Collected data entries:
____

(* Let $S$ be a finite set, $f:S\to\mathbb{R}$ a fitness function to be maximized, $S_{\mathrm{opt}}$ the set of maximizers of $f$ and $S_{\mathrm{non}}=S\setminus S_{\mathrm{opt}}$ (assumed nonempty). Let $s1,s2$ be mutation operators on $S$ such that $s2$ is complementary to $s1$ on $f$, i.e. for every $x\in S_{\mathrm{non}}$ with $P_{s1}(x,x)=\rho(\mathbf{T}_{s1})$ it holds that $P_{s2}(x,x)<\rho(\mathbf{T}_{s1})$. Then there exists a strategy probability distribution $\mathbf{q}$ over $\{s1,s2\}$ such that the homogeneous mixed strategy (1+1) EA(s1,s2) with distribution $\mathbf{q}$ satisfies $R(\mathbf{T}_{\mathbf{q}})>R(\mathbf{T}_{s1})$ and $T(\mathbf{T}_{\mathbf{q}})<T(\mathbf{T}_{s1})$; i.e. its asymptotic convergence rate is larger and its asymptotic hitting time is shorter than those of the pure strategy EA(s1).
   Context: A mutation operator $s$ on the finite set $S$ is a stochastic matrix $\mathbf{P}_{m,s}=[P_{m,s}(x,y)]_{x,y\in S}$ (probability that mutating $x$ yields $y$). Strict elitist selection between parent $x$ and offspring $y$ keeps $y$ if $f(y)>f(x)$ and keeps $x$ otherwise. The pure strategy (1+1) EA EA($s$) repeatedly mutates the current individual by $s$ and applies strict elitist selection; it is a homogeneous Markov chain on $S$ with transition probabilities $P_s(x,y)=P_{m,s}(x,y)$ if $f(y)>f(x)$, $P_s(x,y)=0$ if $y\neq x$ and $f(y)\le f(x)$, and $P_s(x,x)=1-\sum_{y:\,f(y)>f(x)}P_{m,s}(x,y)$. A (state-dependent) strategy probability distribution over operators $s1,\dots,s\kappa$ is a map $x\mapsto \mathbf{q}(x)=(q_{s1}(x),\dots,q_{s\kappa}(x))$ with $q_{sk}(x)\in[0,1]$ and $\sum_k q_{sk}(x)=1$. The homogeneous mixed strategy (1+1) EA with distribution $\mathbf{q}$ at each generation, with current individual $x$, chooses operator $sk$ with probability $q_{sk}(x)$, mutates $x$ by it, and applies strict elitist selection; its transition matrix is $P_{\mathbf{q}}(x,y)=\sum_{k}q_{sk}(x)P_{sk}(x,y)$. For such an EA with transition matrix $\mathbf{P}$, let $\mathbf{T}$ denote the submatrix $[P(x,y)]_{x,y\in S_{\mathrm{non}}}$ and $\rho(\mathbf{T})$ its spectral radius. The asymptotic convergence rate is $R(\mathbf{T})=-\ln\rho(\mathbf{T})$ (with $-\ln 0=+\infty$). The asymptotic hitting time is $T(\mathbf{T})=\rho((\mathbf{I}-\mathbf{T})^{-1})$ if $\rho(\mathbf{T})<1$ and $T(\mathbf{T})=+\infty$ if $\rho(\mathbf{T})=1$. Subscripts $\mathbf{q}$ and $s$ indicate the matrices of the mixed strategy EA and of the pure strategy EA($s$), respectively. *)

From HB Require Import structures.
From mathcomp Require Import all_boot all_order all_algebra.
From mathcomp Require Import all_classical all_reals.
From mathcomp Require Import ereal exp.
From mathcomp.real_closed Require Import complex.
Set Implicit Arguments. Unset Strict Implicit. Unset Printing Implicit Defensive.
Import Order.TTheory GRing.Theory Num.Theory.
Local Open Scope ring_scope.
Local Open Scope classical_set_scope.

____

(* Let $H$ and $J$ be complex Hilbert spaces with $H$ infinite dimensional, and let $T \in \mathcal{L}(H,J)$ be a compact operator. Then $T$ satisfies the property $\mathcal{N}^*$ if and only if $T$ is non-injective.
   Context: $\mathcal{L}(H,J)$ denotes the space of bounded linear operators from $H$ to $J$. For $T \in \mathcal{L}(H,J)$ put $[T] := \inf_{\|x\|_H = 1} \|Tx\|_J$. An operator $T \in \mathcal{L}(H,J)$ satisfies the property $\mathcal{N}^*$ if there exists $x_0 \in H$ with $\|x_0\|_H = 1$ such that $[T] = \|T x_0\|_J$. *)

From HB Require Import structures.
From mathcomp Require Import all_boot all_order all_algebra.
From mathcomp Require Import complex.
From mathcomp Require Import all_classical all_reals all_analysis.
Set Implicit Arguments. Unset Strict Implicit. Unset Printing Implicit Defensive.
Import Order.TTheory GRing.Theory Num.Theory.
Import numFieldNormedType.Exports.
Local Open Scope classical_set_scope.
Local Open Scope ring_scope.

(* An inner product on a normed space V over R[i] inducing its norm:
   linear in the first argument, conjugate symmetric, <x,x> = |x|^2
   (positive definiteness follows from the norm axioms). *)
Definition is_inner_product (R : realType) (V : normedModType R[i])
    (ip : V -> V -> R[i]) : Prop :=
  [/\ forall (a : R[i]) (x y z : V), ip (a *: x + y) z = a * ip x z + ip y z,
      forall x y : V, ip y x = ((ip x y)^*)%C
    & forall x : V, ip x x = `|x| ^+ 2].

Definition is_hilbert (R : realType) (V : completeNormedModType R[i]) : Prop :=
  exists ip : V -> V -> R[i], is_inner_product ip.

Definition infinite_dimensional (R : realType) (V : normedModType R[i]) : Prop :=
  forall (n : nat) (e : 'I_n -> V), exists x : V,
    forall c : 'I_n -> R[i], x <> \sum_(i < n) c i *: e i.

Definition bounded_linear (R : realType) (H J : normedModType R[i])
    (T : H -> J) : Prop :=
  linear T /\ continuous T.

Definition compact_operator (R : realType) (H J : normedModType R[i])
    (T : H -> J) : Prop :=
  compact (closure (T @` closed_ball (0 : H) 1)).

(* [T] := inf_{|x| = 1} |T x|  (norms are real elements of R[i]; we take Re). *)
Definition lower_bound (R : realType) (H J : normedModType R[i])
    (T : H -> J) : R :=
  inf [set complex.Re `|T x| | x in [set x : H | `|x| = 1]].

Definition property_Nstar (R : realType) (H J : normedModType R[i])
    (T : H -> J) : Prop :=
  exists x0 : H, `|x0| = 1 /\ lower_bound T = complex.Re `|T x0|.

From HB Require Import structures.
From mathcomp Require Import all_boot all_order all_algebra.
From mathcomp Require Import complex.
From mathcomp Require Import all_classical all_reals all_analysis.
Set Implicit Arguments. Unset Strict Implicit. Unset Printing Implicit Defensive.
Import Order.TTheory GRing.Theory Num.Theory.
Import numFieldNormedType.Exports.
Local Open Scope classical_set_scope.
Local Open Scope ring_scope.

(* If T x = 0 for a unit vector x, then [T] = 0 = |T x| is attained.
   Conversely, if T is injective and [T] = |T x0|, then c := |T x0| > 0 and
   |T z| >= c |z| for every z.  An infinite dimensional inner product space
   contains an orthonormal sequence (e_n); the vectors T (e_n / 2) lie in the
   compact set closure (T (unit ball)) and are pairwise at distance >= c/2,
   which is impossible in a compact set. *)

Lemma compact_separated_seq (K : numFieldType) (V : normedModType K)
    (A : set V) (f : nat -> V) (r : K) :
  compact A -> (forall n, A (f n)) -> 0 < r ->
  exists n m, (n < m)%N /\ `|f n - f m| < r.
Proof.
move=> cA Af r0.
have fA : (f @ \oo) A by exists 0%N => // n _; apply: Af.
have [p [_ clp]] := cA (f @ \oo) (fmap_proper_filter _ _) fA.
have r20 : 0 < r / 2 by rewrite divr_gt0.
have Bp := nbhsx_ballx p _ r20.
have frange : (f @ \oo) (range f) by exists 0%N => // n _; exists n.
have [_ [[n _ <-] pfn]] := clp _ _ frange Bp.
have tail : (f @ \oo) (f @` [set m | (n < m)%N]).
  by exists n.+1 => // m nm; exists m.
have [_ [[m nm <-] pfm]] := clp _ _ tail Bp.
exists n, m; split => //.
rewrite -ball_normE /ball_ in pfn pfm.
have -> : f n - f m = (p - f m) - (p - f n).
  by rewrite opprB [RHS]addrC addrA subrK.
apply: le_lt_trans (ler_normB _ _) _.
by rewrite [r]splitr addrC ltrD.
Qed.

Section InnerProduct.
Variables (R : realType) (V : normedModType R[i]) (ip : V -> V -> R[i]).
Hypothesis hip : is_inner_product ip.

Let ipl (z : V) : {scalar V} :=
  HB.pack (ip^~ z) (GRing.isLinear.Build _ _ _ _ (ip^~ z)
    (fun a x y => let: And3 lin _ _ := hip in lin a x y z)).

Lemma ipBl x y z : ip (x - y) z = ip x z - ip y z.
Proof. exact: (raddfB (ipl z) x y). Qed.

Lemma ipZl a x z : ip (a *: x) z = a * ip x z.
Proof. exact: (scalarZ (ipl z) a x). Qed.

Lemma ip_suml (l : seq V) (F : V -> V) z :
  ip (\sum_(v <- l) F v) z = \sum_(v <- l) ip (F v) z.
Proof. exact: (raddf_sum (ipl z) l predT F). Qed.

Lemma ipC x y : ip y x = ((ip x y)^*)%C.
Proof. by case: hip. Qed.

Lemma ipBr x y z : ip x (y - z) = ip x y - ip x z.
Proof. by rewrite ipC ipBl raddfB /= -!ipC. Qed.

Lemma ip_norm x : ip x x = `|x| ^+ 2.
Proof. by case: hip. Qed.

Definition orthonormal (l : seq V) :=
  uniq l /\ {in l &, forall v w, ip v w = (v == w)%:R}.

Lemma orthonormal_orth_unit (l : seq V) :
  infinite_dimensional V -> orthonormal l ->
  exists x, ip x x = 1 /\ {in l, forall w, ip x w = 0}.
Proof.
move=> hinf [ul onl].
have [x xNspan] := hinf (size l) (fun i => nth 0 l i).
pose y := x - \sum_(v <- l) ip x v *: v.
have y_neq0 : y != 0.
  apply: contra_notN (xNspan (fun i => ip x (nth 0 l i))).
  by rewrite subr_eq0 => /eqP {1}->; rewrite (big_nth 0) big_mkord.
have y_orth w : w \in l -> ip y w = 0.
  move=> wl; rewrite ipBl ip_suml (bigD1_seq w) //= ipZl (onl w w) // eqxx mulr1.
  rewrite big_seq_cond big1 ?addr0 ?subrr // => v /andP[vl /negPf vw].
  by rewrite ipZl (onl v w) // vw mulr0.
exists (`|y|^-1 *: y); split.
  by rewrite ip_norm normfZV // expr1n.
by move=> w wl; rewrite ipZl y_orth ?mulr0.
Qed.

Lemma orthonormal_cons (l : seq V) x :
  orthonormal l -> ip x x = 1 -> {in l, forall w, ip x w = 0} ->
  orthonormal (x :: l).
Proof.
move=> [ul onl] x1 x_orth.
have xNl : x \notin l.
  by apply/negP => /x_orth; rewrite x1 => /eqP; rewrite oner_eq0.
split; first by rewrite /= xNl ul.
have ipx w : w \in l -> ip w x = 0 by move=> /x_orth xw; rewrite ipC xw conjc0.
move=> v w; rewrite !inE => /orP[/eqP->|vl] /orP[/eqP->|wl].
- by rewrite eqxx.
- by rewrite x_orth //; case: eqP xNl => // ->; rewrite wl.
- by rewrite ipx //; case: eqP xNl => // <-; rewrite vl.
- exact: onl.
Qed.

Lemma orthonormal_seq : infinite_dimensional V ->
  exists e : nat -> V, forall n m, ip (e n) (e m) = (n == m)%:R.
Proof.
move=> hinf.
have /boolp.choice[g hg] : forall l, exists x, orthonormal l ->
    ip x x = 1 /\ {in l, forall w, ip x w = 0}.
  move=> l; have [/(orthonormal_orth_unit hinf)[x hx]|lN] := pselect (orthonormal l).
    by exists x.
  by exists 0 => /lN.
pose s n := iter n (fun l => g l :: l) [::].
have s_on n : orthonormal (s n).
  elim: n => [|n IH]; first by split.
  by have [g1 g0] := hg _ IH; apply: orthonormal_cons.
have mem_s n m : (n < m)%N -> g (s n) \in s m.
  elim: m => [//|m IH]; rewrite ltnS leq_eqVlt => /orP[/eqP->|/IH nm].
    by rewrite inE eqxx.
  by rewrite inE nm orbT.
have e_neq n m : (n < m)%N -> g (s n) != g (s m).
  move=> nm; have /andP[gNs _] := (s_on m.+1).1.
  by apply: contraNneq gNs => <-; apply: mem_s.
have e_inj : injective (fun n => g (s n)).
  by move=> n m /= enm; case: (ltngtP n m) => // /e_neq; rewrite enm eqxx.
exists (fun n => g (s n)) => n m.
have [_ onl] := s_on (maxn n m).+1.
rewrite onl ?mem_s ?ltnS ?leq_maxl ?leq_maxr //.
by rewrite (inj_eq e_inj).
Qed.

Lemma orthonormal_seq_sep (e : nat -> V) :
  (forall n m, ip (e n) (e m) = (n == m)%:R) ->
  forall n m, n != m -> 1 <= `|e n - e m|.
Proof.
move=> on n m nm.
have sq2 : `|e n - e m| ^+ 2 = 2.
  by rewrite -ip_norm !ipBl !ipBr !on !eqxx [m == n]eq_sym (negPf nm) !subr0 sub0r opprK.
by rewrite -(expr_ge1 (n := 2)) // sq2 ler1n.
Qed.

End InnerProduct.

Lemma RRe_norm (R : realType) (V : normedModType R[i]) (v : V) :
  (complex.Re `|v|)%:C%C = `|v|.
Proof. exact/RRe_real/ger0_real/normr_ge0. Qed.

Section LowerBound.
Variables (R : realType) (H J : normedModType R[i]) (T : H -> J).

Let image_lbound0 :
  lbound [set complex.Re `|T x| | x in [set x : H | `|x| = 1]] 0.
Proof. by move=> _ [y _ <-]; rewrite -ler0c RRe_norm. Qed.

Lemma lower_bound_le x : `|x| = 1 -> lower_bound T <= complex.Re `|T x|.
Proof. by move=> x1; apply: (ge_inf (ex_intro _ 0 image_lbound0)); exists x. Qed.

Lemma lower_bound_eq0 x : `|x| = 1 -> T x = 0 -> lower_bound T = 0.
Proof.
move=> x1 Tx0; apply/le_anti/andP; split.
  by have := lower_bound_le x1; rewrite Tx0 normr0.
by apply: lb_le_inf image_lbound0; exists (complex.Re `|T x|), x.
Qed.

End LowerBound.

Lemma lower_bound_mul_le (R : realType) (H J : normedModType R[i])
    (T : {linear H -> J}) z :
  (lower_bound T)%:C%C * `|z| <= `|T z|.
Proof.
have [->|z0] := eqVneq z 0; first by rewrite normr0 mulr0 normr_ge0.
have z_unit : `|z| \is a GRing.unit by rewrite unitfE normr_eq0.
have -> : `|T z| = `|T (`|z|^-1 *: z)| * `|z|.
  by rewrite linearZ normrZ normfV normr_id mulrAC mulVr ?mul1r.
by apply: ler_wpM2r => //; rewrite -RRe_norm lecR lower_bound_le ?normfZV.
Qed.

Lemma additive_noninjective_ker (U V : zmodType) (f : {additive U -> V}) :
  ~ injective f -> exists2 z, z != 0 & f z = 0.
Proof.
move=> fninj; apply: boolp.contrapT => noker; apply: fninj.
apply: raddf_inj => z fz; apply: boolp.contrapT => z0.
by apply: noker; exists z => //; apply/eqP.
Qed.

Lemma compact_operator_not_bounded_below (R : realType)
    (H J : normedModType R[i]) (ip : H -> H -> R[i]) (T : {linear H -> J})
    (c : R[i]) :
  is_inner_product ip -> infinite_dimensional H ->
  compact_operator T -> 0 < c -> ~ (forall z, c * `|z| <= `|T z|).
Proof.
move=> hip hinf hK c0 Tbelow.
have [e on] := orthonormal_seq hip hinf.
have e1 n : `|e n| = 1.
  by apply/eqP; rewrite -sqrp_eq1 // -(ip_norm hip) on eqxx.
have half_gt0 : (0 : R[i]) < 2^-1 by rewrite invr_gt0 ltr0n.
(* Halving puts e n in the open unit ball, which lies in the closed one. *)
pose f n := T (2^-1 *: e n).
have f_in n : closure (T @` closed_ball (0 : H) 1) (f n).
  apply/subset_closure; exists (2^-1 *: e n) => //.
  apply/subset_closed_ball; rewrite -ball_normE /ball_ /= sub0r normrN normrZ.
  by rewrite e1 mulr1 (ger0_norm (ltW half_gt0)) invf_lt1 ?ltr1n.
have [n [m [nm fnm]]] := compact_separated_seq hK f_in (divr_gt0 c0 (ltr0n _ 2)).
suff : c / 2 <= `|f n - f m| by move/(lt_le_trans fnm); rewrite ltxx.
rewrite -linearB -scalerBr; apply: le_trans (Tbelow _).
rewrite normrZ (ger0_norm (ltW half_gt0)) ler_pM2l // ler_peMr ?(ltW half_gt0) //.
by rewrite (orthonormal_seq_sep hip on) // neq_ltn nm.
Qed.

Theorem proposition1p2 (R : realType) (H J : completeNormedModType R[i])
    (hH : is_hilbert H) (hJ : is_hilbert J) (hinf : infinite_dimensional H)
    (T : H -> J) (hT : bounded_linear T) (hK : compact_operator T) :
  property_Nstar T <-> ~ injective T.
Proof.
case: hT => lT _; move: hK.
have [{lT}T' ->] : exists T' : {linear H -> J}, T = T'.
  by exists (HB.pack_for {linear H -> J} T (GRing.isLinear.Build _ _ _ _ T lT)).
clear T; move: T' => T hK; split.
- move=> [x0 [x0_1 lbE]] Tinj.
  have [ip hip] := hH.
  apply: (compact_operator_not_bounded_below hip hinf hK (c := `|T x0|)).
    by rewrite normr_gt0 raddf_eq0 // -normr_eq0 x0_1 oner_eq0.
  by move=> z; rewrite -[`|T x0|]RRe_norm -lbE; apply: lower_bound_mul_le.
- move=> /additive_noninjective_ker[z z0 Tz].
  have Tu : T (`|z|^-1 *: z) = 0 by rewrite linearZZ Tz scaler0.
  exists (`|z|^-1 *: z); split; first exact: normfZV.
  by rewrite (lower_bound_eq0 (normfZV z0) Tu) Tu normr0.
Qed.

____

■ Exercise requirements:
What you give back should be only the lines of the records above, starting at the line with "have mem_s n" and ending at the line with "by apply: contraNneq", restated word for word.

■ Solution:
have mem_s n m : (n < m)%N -> g (s n) \in s m.
  elim: m => [//|m IH]; rewrite ltnS leq_eqVlt => /orP[/eqP->|/IH nm].
    by rewrite inE eqxx.
  by rewrite inE nm orbT.
have e_neq n m : (n < m)%N -> g (s n) != g (s m).
  move=> nm; have /andP[gNs _] := (s_on m.+1).1.
  by apply: contraNneq gNs => <-; apply: mem_s.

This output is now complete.